THE TELEGRAPHIC COMMUNICATION BETWEEN GREAT BRITAIN, EUROPE, AMERICA, AND THE EAST.
By GEORGE WALTER NIVEN.
There are at present twenty-six submarine cable companies, the combined capital of which is about forty million pounds sterling. Their revenue, including subsidies, amounts to 3,204,060£.; and their reserves and sinking funds to 3,610,000£.; and their dividends are from one to 14¾ per cent. The receipts from the Atlantic cables alone amount to about 800,000£. annually.
The number of cables laid down throughout the world is 1,045, of which 798 belong to governments and 247 to private companies. The total length of those cables is 120,070 nautical miles, of which 107,546 are owned by private telegraph companies, nearly all British; the remainder, or 12,524 miles, are owned by governments.

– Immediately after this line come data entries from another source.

Lemma rateIE x : 0 < x -> rateI x = x * ln x - x + 1.
Proof. by move=> x0; rewrite /rateI gt_eqF. Qed.

Lemma rateI0 : rateI (0 : R) = 1.
Proof. by rewrite /rateI eqxx subr0 add0r. Qed.

Lemma rateI1 : rateI (1 : R) = 0.
Proof. by rewrite rateIE // ln1 mulr0 sub0r addNr. Qed.

Lemma rateI_ge0 x : 0 <= x -> 0 <= rateI x.
Proof.
rewrite le_eqVlt => /orP[/eqP <-|x0]; first by rewrite rateI0.
have xV : 0 < x^-1 by rewrite invr_gt0.
have := ln_le_subr1 _ xV; rewrite lnV ?posrE // => h.
have := ler_wpM2l (ltW x0) h; rewrite mulrBr mulfV ?gt_eqF // rateIE //; lra.
Qed.

Lemma rateI_le1 x : 0 < x <= 1 -> rateI x <= 1.
Proof.
move=> /andP[x0 x1]; rewrite rateIE //.
have : x * ln x <= 0 by rewrite pmulr_rle0 // ln_le0.
lra.
Qed.

(* Yields the continuity of [rateI] at [0] from the right. *)
Lemma rateI_ge_sqrt y : 0 < y -> 1 - y - 2 * Num.sqrt y <= rateI y.
Proof.
move=> y0; rewrite rateIE //; set v := Num.sqrt y.
have v0 : 0 < v by rewrite sqrtr_gt0.
have yv : y = v ^+ 2 by rewrite sqr_sqrtr // ltW.
have lv : - v^-1 <= ln v.
  have vV : 0 < v^-1 by rewrite invr_gt0.
  by have := ln_le_subr1 _ vV; rewrite lnV ?posrE //; lra.
have e : y * ln y = 2 * (v * v * ln v) by rewrite yv lnXn // mulr2n; ring.
have := ler_wpM2l (ltW (mulr_gt0 v0 v0)) lv.
rewrite mulrN mulfK ?gt_eqF // => h.
lra.
Qed.

Lemma rateI_gt_near0 c : c < 1 -> exists2 r : R, 0 < r & forall y, 0 <= y < r -> c < rateI y.
Proof.
move=> c1; set m := Num.min ((1 - c) / 4) 1.
have m0 : 0 < m by rewrite lt_min; apply/andP; split; lra.
have m1 : m <= 1 by rewrite ge_min lexx orbT.
have mc : m <= (1 - c) / 4 by rewrite ge_min lexx.
exists (m ^+ 2); first exact: exprn_gt0.
move=> y /andP[]; rewrite le_eqVlt => /orP[/eqP <- _|y0 ym]; first by rewrite rateI0.
have sm : Num.sqrt y < m by rewrite -[m]gtr0_norm // -sqrtr_sqr ltr_sqrt ?exprn_gt0.
have : y < m by apply: lt_le_trans ym _; rewrite expr2 ger_pMl.
have := rateI_ge_sqrt _ y0; have := sqrtr_ge0 y; lra.
Qed.

Lemma rateI_gt_near x c : 0 < x -> c < rateI x ->
  exists2 r : R, 0 < r & forall y, `|x - y| < r -> c < rateI y.
Proof.
move=> x0 cx.
have f_cont : (fun y => y * ln y - y + 1) y @[y --> x] --> x * ln x - x + 1.
  apply: cvgD; last exact: cvg_cst.
  by apply: cvgB; [apply: cvgM; [exact: cvg_id|exact: continuous_ln]|exact: cvg_id].
rewrite rateIE // in cx.
have : \forall y \near x, c < y * ln y - y + 1 /\ 0 < y.
  by near=> y; split; near: y; [exact: (cvgr_gt _ f_cont)|exact: (cvgr_gt _ cvg_id)].
move=> /nbhs_ballP[r /= r0 hr]; exists r => // y /hr[cy y0].
by rewrite rateIE.
Unshelve. all: by end_near.
Qed.

Lemma closed_rateI_sublevel c : closed [set x : R | 0 <= x /\ rateI x <= c].
Proof.
move=> x xcl.
have x0 : 0 <= x by apply: closed_ge; apply: closureS xcl => y [].
split => //; rewrite leNgt; apply/negP => cx.
suff [r r0 hr] : exists2 r : R, 0 < r & forall y, 0 <= y -> `|x - y| < r -> c < rateI y.
  have [y [[y0 yc] /= xy]] := xcl (ball x r) (nbhsx_ballx x r r0).
  by have := hr y y0 xy; lra.
move: x0 cx; rewrite le_eqVlt => /orP[/eqP <-|x0 cx].
  rewrite rateI0 => c1; have [r r0 hr] := rateI_gt_near0 _ c1.
  by exists r => // y y0; rewrite sub0r normrN ger0_norm // => yr; apply: hr; rewrite y0.
by have [r r0 hr] := rateI_gt_near _ _ x0 cx; exists r => // y _; exact: hr.
Qed.

End RateFunction.

Section Asymptotics.
Context {R : realType} (n : R -> nat).
Hypothesis n_pos : forall t : R, (0 < n t)%N.
Hypothesis ratio0 : (fun t : R => t / (n t)%:R) @ +oo%R --> (0 : R).

Local Notation L t := (ln ((n t)%:R / t)).

Lemma eventually_regime (K : R) :
  \forall t \near +oo%R, [/\ 1 <= t, t <= (n t)%:R & K <= L t].
Proof.
have eK : 0 < expR (- `|K|) :> R by apply: expR_gt0.
near=> t.
have t1 : 1 <= t by near: t; apply: nbhs_pinfty_ge; exact: num_real.
have ht : `|t / (n t)%:R| < expR (- `|K|) by near: t; exact: cvgr0_norm_lt.
have n0 : 0 < (n t)%:R :> R by rewrite ltr0n.
have q0 : 0 < t / (n t)%:R by rewrite divr_gt0 //; lra.
rewrite gtr0_norm // in ht; split => //.
  have : t / (n t)%:R <= 1 by apply: ltW (lt_le_trans ht _); rewrite expR_le1 oppr_le0.
  by rewrite ler_pdivrMr // mul1r.
rewrite -invf_div lnV ?posrE // lerNr.
have : ln (t / (n t)%:R) < - `|K| by rewrite -ltr_expR lnK ?posrE.
have := ler_norm K; lra.
Unshelve. all: by end_near.
Qed.

Lemma eventually_le_mul_ln_ratio (a b : R) : 0 < b -> \forall t \near +oo%R, a <= b * L t.
Proof.
move=> b0; apply: filterS (eventually_regime (a / b)) => t [_ _].
by rewrite ler_pdivrMr // mulrC.
Qed.
Lemma poly_modc_ge_half (q : {poly C}) (c : C) : q.[c] != 0 ->
  exists2 r : R, 0 < r & forall z, modc (z - c) <= r ->
    [/\ modc z <= modc c + 1 & modc q.[c] / 2 <= modc q.[z]].
Proof.
move=> qc; have k0 := modc_gt0 qc; set k := modc q.[c] in k0 *.
have c0 := modc_ge0 c.
have [M [M0 HM]] := poly_lipschitz q (addr_ge0 c0 ler01).
have r0 : 0 < k / (2 * (M + 1)) by rewrite divr_gt0 // mulr_gt0 //; lra.
exists (Num.min 1 (k / (2 * (M + 1)))); first by rewrite lt_min r0 ltr01.
move=> z; rewrite le_min => /andP[zc1 zck].
have z_near : modc z <= modc c + 1.
  by have := lerB_modc z c; lra.
split=> //; have [_ qzc] := HM z c z_near ltac:(lra).
have : M * modc (z - c) <= M * (k / (2 * (M + 1))) by apply: ler_wpM2l.
have -> : M * (k / (2 * (M + 1))) = k / 2 - k / (2 * (M + 1)).
  by field; rewrite gt_eqF //; lra.
have := lerB_modc q.[c] q.[z]; rewrite distcC -/k; lra.
Qed.

Lemma modc_div_le (x s : C) (m : R) : 0 < m -> m <= modc s ->
  modc (x / s) <= modc x / m.
Proof.
move=> m0 ms; rewrite modcM modcV ler_wpM2l ?modc_ge0 //.
by rewrite lef_pV2 ?posrE // (lt_le_trans m0).
Qed.

Lemma modc_divB (x y s t : C) (m : R) : 0 < m -> m <= modc s -> m <= modc t ->
  modc (x / s - y / t) <= (modc (x - y) * modc t + modc y * modc (s - t)) / m ^+ 2.
Proof.
move=> m0 ms mt; have s0 : s != 0 by rewrite -modc_eq0 gt_eqF // (lt_le_trans m0).
have t0 : t != 0 by rewrite -modc_eq0 gt_eqF // (lt_le_trans m0).
have -> : x / s - y / t = ((x - y) * t - y * (s - t)) / (s * t) by field; apply/andP.
apply: le_trans (modc_div_le _ (m := m ^+ 2) _ _) _; first exact: exprn_gt0.
  by rewrite modcM expr2 ler_pM // ltW.
apply: ler_wpM2r; first by rewrite invr_ge0 exprn_ge0 // ltW.
by apply: le_trans (ler_modcD _ _) _; rewrite modcN !modcM.
Qed.

Lemma ratio_lipschitz (p q : {poly C}) (c : C) : q.[c] != 0 ->
  exists r M : R, [/\ 0 < r, 0 <= M & forall z w,
    modc (z - c) <= r -> modc (w - c) <= r ->
    [/\ q.[z] != 0, modc (p.[z] / q.[z]) <= M &
        modc (p.[z] / q.[z] - p.[w] / q.[w]) <= M * modc (z - w)]].
Proof.
move=> qc; have [r r0 Hq] := poly_modc_ge_half qc.
have m0 : 0 < modc q.[c] / 2 by rewrite divr_gt0 ?modc_gt0.
set m := modc q.[c] / 2 in m0 Hq.
have c1 : 0 <= modc c + 1 by rewrite addr_ge0 ?modc_ge0.
have [Mp [Mp0 Hp]] := poly_lipschitz p c1.
have [Mq [Mq0 HMq]] := poly_lipschitz q c1.
have m2 : 0 < m ^+ 2 by exact: exprn_gt0.
have M2 : 0 <= 2 * Mp * Mq / m ^+ 2.
  by rewrite divr_ge0 ?(ltW m2) //; apply: mulr_ge0 => //; apply: mulr_ge0.
have im : 0 <= m^-1 by rewrite invr_ge0 (ltW m0).
exists r, (Mp / m + 2 * Mp * Mq / m ^+ 2); split=> //.
  by rewrite addr_ge0 // divr_ge0 // ltW.
move=> z w zc wc; have [z_near qz] := Hq z zc; have [w_near qw] := Hq w wc.
have [pz pzw] := Hp z w z_near w_near; have [pw _] := Hp w z w_near z_near.
have [_ qzw] := HMq z w z_near w_near; have [qw' _] := HMq w z w_near z_near.
split.
- by rewrite -modc_eq0 gt_eqF // (lt_le_trans m0).
- apply: le_trans (modc_div_le _ m0 qz) _.
  have : modc p.[z] / m <= Mp / m by rewrite ler_wpM2r.
  lra.
- apply: le_trans (modc_divB _ _ m0 qz qw) _.
  have := modc_ge0 (z - w); have := modc_ge0 p.[w]; have := modc_ge0 q.[w].
  move=> ? ? ?.
  have : modc (p.[z] - p.[w]) * modc q.[w] + modc p.[w] * modc (q.[z] - q.[w])
      <= 2 * Mp * Mq * modc (z - w).
    have : modc (p.[z] - p.[w]) * modc q.[w] <= Mp * modc (z - w) * Mq.
      by apply: ler_pM; rewrite ?modc_ge0.
    have : modc p.[w] * modc (q.[z] - q.[w]) <= Mp * (Mq * modc (z - w)).
      by apply: ler_pM; rewrite ?modc_ge0.
    lra.
  move=> num; apply: le_trans (ler_wpM2r _ num) _.
    by rewrite invr_ge0 ltW.
  rewrite mulrAC ler_wpM2r ?modc_ge0 //.
  by rewrite lerDr divr_ge0 // ltW.
Qed.
End LocalLipschitz.

Section FatouCriterion.
Variable R : realType.
Local Notation C := R[i].
Variables (f : sphere R -> sphere R) (F : C -> C) (rho M : R).
Hypotheses (rho_gt0 : 0 < rho) (M_ge0 : 0 <= M).
Hypothesis iter_f : forall n z, modc z <= rho -> iter n f (Some z) = Some (iter n F z).
Hypothesis iter_F_lipschitz : forall n z w, modc z <= rho -> modc w <= rho ->
  modc (iter n F z - iter n F w) <= M * modc (z - w).

Lemma equicontinuous_iterates_at_lipschitz (v : C) :
  modc v <= 1 -> modc v <= rho / 2 -> equicontinuous_iterates_at f (Some v).
Proof.
move=> v1 v_rho eps eps0; have := M_ge0; have := rho_gt0 => rho0 M0.
set e := eps / (6 * (M + 1)).
have e0 : 0 < e by rewrite divr_gt0 // mulr_gt0 //; lra.
have eE : e * (6 * (M + 1)) = eps by rewrite mulfVK // gt_eqF //; lra.
exists (Num.min (1 / 3) (Num.min (rho / 6) e)).
  by rewrite !lt_min e0 divr_gt0 //=; lra.
move=> u n; rewrite !lt_min => /and3P[ch3 ch_rho ch_e].
have [w def_u vw] := chordal_small v1 ch3; subst u.
have w_rho : modc w <= rho.
  by have := lerB_modc w v; rewrite distcC; lra.
have v_rho' : modc v <= rho by lra.
rewrite !iter_f //; apply: le_lt_trans (chordal_le _ _) _.
have := iter_F_lipschitz n v_rho' w_rho; have := modc_ge0 (v - w).
set m := modc (v - w) in vw *; set ch := chordal _ _ in ch_e vw.
have : M * m <= M * (3 * e) by apply: ler_wpM2l; lra.
lra.
Qed.

Lemma fatou_set_lipschitz : fatou_set f (Some 0).
Proof.
have := rho_gt0 => rho0.
exists (Num.min (1 / 3) (rho / 6)); first by rewrite lt_min divr_gt0 //=; lra.
move=> u; rewrite lt_min => /andP[ch3 ch_rho].
have [|v def_u v0] := chordal_small _ ch3; first by rewrite (modc_nat _ 0); lra.
subst u; rewrite sub0r modcN in v0.
apply: equicontinuous_iterates_at_lipschitz; lra.
Qed.

End FatouCriterion.

Lemma periodic_not_basin (R : realType) (f : sphere R -> sphere R) (u w : sphere R)
    (m : nat) :
  (0 < m)%N -> iter m f u = u -> u != w -> ~ basin f w u.
Proof.
move=> m0 per uw /(_ _ (chordal_gt0 uw)) [K /(_ (K * m)%N)].
have -> : iter (K * m) f u = u by elim: K => //= K IHK; rewrite mulSn iterD IHK.
by rewrite leq_pmulr // ltxx => /(_ isT).
Qed.

Section RelaxedNewton.
Variable R : realType.
Local Notation C := R[i].
Variables (h : C) (p : {poly C}).

Definition newton_step (z : C) : C := z - h * p.[z] / p^`().[z].

Lemma relaxed_newton_Some z : p^`().[z] != 0 ->
  relaxed_newton h p (Some z) = Some (newton_step z).
Proof. by rewrite /relaxed_newton => /negbTE ->. Qed.

Lemma newton_step_lipschitz c : p^`().[c] != 0 ->
  exists r L : R, [/\ 0 < r, 1 <= L & forall z w,
    modc (z - c) <= r -> modc (w - c) <= r ->
    p^`().[z] != 0 /\ modc (newton_step z - newton_step w) <= L * modc (z - w)].
Proof.
move=> p'c; have [r [M [r0 M0 HM]]] := ratio_lipschitz p p'c.
exists r, (1 + modc h * M); split=> //; first by rewrite lerDl mulr_ge0 ?modc_ge0.
move=> z w zc wc; have [p'z _ pw] := HM z w zc wc; split=> //.
have -> : newton_step z - newton_step w =
    (z - w) - h * (p.[z] / p^`().[z] - p.[w] / p^`().[w]).
  by rewrite /newton_step; ring.
apply: le_trans (ler_modcD _ _) _; rewrite modcN modcM mulrDl mul1r -mulrA.
by rewrite lerD2l ler_wpM2l ?modc_ge0.
Qed.

End RelaxedNewton.

Lemma iter_Some (T : Type) (f : option T -> option T) (F : T -> T) (P : T -> Prop)
    (z : T) :
  (forall u, P u -> f (Some u) = Some (F u)) -> (forall n, P (iter n F z)) ->
  forall n, iter n f (Some z) = Some (iter n F z).
Proof. by move=> fF PF; elim=> [|n IHn] //=; rewrite IHn fF. Qed.

Section PingPong.
Variable R : realType.
Local Notation C := R[i].
Variables (F : C -> C) (U0 U1 : pred C) (a b : R).
Hypotheses (a_ge0 : 0 <= a) (b_ge0 : 0 <= b) (a_le1 : a <= 1) (ab_le1 : a * b <= 1).
Hypotheses (F_U0 : forall z, U0 z -> U1 (F z)) (F_U1 : forall z, U1 z -> U0 (F z)).
Hypothesis F_lipU0 : forall z w, U0 z -> U0 w -> modc (F z - F w) <= a * modc (z - w).
Hypothesis F_lipU1 : forall z w, U1 z -> U1 w -> modc (F z - F w) <= b * modc (z - w).

Lemma iter_pingpong n z w : U0 z -> U0 w ->
  [/\ U0 (iter n F z), U0 (iter n F w)
    & modc (iter n F z - iter n F w) <= modc (z - w)] \/
  [/\ U1 (iter n F z), U1 (iter n F w)
    & modc (iter n F z - iter n F w) <= a * modc (z - w)].
Proof.
move=> z0 w0; have d0 := modc_ge0 (z - w).
elim: n => [|n [[zn wn dn]|[zn wn dn]]] /=; first by left; split.
- right; split; try exact: F_U0.
  by apply: le_trans (F_lipU0 zn wn) _; apply: ler_wpM2l.
- left; split; try exact: F_U1.
  apply: le_trans (F_lipU1 zn wn) _; apply: le_trans (ler_wpM2l b_ge0 dn) _.
  by rewrite mulrA [b * a]mulrC ler_piMl // mulr_ge0.
Qed.

Lemma iter_pingpong_mem n z : U0 z -> U0 (iter n F z) \/ U1 (iter n F z).
Proof.
move=> z0; elim: n => [|n [zn|zn]] /=; first by left.
  by right; apply: F_U0.
by left; apply: F_U1.
Qed.

Lemma iter_pingpong_lipschitz n z w : U0 z -> U0 w ->
  modc (iter n F z - iter n F w) <= modc (z - w).
Proof.
move=> z0 w0; case: (iter_pingpong n z0 w0) => -[_ _ //] /le_trans; apply.
by rewrite ler_piMl ?modc_ge0.
Qed.

End PingPong.

Section SuperattractingCycle.
Variable R : realType.
Local Notation C := R[i].
Variables (f : sphere R -> sphere R) (F G : C -> C) (r0 r1 K L : R).
Hypotheses (r0_gt0 : 0 < r0) (r1_gt0 : 0 < r1) (K_ge0 : 0 <= K) (L_ge1 : 1 <= L).
Hypothesis F1 : F 1 = 0.
Hypothesis F_near0 : forall z, modc z <= r0 -> F z = 1 + z ^+ 2 * G z.
Hypothesis G_lip : forall z w, modc z <= r0 -> modc w <= r0 ->
  modc (G z) <= K /\ modc (G z - G w) <= K * modc (z - w).
Hypothesis F_lip1 : forall z w, modc (z - 1) <= r1 -> modc (w - 1) <= r1 ->
  modc (F z - F w) <= L * modc (z - w).
Hypothesis f_F : forall z, modc z <= r0 \/ modc (z - 1) <= r1 ->
  f (Some z) = Some (F z).

Lemma superattracting_sub1_le z : modc z <= r0 ->
  modc (F z - 1) <= K * modc z ^+ 2.
Proof.
move=> z_r0; rewrite F_near0 // addrC addKr modcM modcX mulrC.
by have [GK _] := G_lip z_r0 z_r0; rewrite ler_wpM2r ?exprn_ge0 ?modc_ge0.
Qed.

MAP SHOWING CABLES FROM GREAT BRITAIN TO AMERICA AND THE CONTINENT.
The third largest cable company is the Anglo-American Telegraph Company, with thirteen cables, of a total length of 10,196 miles.
The British government has one hundred and three cables around our shores, of a total length of 1,489 miles. If we include India and the colonies, the British empire owns altogether two hundred and sixteen cables of a total length of 3,811 miles.
The longest government cable in British waters is that from Sinclair Bay, Wick, to Sandwick Bay, Shetland, of the length of 122 miles, and laid in 1885. The shortest being four cables across the Gloucester and Sharpness Canal, at the latter place, and each less than 300 ft. in length.
Of government cables the greatest number is owned by Norway, with two hundred and thirty-six, averaging, however, less than a mile each in length.